(Information given)

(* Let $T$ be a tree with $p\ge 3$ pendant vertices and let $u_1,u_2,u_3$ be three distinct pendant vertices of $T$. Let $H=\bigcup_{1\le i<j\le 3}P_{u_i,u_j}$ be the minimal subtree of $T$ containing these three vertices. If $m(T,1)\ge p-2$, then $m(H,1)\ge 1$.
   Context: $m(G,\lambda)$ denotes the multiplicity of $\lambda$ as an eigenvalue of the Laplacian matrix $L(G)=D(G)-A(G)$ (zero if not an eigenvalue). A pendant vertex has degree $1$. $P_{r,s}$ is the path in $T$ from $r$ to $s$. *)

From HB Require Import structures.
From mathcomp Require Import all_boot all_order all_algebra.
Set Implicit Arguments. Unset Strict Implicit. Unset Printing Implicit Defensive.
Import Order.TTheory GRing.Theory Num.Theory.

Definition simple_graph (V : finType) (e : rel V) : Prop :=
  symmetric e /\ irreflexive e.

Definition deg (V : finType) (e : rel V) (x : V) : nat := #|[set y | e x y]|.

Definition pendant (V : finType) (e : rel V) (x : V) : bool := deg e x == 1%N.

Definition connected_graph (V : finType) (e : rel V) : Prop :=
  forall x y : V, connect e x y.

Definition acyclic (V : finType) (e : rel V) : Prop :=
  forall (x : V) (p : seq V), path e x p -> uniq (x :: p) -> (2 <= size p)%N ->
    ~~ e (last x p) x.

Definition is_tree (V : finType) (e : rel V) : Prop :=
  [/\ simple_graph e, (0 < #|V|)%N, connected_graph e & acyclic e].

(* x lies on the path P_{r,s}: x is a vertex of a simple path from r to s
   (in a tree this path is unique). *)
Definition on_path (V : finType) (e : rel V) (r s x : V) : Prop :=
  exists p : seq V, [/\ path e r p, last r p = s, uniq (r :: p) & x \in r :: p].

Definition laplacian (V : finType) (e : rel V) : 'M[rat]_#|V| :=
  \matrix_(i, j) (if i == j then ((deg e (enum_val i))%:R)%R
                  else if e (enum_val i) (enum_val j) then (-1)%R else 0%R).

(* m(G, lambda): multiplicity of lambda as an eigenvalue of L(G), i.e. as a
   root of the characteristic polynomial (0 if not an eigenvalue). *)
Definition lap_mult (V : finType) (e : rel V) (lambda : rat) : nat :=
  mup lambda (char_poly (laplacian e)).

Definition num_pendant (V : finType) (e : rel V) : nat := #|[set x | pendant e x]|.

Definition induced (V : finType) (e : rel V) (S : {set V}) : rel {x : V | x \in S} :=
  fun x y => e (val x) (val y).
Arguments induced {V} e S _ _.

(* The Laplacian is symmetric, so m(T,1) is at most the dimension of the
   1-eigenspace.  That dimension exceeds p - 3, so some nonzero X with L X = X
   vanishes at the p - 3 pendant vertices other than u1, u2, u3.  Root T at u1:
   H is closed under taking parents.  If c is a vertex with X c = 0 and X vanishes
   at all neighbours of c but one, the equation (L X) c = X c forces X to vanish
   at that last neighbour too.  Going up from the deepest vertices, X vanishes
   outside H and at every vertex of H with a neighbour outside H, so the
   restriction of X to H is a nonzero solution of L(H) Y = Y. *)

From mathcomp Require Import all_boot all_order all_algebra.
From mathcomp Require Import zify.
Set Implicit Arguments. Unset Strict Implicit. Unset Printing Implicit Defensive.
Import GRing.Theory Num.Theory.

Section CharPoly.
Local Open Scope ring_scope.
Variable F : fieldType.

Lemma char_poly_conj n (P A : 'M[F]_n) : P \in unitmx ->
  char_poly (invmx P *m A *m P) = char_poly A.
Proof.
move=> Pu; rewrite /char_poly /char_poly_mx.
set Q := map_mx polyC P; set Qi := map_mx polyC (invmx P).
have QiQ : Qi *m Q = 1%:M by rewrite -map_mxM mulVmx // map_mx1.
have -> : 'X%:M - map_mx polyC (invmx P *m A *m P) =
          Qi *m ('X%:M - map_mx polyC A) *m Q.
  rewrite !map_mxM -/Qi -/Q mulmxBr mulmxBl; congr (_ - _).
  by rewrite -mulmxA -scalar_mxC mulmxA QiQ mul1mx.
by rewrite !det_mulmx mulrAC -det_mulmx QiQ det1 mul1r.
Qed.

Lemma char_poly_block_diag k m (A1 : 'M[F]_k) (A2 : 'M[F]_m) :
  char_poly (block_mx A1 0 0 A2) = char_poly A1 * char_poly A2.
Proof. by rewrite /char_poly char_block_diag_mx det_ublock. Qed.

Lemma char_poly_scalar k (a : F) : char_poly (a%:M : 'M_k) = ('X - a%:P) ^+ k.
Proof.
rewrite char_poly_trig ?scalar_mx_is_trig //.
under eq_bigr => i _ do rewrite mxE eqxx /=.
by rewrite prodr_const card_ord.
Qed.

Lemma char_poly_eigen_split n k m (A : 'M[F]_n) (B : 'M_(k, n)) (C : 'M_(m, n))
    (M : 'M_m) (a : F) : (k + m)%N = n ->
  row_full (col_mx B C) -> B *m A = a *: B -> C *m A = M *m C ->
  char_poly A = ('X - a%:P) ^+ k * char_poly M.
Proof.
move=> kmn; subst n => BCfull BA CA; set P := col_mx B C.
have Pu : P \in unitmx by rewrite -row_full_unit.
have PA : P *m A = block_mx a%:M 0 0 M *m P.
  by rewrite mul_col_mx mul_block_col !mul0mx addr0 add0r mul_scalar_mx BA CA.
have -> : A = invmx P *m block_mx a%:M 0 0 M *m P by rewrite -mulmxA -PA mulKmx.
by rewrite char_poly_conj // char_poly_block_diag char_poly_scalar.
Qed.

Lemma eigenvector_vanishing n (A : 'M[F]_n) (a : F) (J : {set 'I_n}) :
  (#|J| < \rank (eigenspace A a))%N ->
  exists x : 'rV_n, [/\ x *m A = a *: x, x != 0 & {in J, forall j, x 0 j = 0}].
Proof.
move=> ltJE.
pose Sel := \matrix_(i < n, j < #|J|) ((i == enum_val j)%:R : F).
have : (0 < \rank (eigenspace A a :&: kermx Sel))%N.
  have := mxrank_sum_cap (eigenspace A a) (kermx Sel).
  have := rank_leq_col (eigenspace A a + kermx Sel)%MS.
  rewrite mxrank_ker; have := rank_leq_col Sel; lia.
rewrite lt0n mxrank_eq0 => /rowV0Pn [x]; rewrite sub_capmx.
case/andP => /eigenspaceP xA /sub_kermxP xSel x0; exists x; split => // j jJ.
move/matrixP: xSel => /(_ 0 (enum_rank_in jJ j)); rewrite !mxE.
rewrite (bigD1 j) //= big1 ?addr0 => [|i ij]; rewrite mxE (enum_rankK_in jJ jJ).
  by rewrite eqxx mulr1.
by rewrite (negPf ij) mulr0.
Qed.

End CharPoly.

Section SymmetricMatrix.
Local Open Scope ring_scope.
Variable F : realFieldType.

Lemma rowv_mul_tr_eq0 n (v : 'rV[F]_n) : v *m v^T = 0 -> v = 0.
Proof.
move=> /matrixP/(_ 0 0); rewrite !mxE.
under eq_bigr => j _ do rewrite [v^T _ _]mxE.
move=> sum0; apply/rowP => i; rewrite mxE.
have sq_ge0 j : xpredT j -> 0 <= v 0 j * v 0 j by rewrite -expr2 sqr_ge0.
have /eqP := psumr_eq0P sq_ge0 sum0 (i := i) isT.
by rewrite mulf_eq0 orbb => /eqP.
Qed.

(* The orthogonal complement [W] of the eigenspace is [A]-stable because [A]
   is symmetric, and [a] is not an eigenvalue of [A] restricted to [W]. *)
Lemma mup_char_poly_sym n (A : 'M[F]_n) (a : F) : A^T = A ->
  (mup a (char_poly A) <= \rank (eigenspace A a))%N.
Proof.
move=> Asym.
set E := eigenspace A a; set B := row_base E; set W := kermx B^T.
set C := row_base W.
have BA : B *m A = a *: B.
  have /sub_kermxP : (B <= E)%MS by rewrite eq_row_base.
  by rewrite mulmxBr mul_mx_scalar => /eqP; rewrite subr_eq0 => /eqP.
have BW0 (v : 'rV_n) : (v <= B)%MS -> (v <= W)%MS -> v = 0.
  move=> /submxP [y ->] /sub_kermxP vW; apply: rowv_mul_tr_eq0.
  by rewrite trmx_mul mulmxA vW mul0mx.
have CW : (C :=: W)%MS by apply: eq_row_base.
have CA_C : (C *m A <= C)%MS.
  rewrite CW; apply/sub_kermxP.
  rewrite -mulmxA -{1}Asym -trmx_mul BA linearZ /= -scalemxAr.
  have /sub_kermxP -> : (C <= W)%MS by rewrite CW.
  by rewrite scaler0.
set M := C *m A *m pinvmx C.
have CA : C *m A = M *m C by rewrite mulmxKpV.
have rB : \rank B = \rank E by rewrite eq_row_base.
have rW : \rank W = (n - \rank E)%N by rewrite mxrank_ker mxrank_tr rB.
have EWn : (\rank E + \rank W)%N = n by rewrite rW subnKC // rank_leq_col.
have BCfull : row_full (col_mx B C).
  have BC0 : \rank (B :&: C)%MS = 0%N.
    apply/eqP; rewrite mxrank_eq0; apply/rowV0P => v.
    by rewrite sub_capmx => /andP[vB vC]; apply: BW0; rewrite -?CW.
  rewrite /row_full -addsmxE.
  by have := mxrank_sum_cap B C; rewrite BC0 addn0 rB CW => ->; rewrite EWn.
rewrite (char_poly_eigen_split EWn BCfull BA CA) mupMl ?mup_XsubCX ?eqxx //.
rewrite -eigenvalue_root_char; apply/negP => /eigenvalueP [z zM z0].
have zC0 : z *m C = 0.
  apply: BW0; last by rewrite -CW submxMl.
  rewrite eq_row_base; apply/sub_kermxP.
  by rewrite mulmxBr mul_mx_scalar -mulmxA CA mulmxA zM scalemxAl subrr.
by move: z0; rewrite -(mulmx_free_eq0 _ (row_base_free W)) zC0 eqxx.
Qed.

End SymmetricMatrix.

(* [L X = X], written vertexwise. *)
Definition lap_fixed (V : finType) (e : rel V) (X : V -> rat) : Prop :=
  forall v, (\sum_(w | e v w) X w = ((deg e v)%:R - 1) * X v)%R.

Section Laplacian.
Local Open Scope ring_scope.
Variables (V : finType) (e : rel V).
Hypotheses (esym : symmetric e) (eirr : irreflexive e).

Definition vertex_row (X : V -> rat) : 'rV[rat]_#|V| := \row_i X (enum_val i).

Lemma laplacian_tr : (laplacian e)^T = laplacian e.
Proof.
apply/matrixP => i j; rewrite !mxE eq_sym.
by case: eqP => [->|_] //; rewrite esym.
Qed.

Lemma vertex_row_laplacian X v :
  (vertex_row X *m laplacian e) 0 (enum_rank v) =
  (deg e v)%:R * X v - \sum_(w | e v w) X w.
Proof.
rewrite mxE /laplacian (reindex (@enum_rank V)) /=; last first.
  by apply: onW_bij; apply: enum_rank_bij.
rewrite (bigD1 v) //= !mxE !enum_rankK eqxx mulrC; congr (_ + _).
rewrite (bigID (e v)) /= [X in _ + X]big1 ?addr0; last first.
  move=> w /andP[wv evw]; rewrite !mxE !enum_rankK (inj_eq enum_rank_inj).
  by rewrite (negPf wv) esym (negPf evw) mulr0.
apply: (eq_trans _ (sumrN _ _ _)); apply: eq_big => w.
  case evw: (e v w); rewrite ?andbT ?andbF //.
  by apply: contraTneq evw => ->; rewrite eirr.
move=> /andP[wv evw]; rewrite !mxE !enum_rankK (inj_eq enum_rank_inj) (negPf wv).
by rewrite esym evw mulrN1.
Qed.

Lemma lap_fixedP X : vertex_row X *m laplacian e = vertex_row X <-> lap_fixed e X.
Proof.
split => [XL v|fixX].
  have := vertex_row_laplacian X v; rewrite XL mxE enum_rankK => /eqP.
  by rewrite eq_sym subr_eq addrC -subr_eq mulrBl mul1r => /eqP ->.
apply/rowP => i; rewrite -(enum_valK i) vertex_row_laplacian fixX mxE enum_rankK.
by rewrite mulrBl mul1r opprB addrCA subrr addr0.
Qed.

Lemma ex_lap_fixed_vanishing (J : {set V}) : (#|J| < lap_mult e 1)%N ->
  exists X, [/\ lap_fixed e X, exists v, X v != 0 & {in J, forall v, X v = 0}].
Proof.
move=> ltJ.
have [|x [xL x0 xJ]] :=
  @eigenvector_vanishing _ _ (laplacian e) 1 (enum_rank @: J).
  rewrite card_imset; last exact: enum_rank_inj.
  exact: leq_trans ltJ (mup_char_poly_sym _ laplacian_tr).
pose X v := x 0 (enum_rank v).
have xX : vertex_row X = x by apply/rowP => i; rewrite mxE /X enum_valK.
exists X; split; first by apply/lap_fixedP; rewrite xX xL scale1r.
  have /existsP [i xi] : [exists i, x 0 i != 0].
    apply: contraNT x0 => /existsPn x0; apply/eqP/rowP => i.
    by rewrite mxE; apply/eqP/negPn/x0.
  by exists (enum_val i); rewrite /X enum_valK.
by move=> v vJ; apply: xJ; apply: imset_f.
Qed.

(End Information given)

### Activity
Of the entries above, repeat exactly the lines between the line with "by rewrite char_poly_conj" and the line with "move=> Asym.", inclusive, and no others.

### Expected answer
by rewrite char_poly_conj // char_poly_block_diag char_poly_scalar.
Qed.

Lemma eigenvector_vanishing n (A : 'M[F]_n) (a : F) (J : {set 'I_n}) :
  (#|J| < \rank (eigenspace A a))%N ->
  exists x : 'rV_n, [/\ x *m A = a *: x, x != 0 & {in J, forall j, x 0 j = 0}].
Proof.
move=> ltJE.
pose Sel := \matrix_(i < n, j < #|J|) ((i == enum_val j)%:R : F).
have : (0 < \rank (eigenspace A a :&: kermx Sel))%N.
  have := mxrank_sum_cap (eigenspace A a) (kermx Sel).
  have := rank_leq_col (eigenspace A a + kermx Sel)%MS.
  rewrite mxrank_ker; have := rank_leq_col Sel; lia.
rewrite lt0n mxrank_eq0 => /rowV0Pn [x]; rewrite sub_capmx.
case/andP => /eigenspaceP xA /sub_kermxP xSel x0; exists x; split => // j jJ.
move/matrixP: xSel => /(_ 0 (enum_rank_in jJ j)); rewrite !mxE.
rewrite (bigD1 j) //= big1 ?addr0 => [|i ij]; rewrite mxE (enum_rankK_in jJ jJ).
  by rewrite eqxx mulr1.
by rewrite (negPf ij) mulr0.
Qed.

End CharPoly.

Section SymmetricMatrix.
Local Open Scope ring_scope.
Variable F : realFieldType.

Lemma rowv_mul_tr_eq0 n (v : 'rV[F]_n) : v *m v^T = 0 -> v = 0.
Proof.
move=> /matrixP/(_ 0 0); rewrite !mxE.
under eq_bigr => j _ do rewrite [v^T _ _]mxE.
move=> sum0; apply/rowP => i; rewrite mxE.
have sq_ge0 j : xpredT j -> 0 <= v 0 j * v 0 j by rewrite -expr2 sqr_ge0.
have /eqP := psumr_eq0P sq_ge0 sum0 (i := i) isT.
by rewrite mulf_eq0 orbb => /eqP.
Qed.

(* The orthogonal complement [W] of the eigenspace is [A]-stable because [A]
   is symmetric, and [a] is not an eigenvalue of [A] restricted to [W]. *)
Lemma mup_char_poly_sym n (A : 'M[F]_n) (a : F) : A^T = A ->
  (mup a (char_poly A) <= \rank (eigenspace A a))%N.
Proof.
move=> Asym.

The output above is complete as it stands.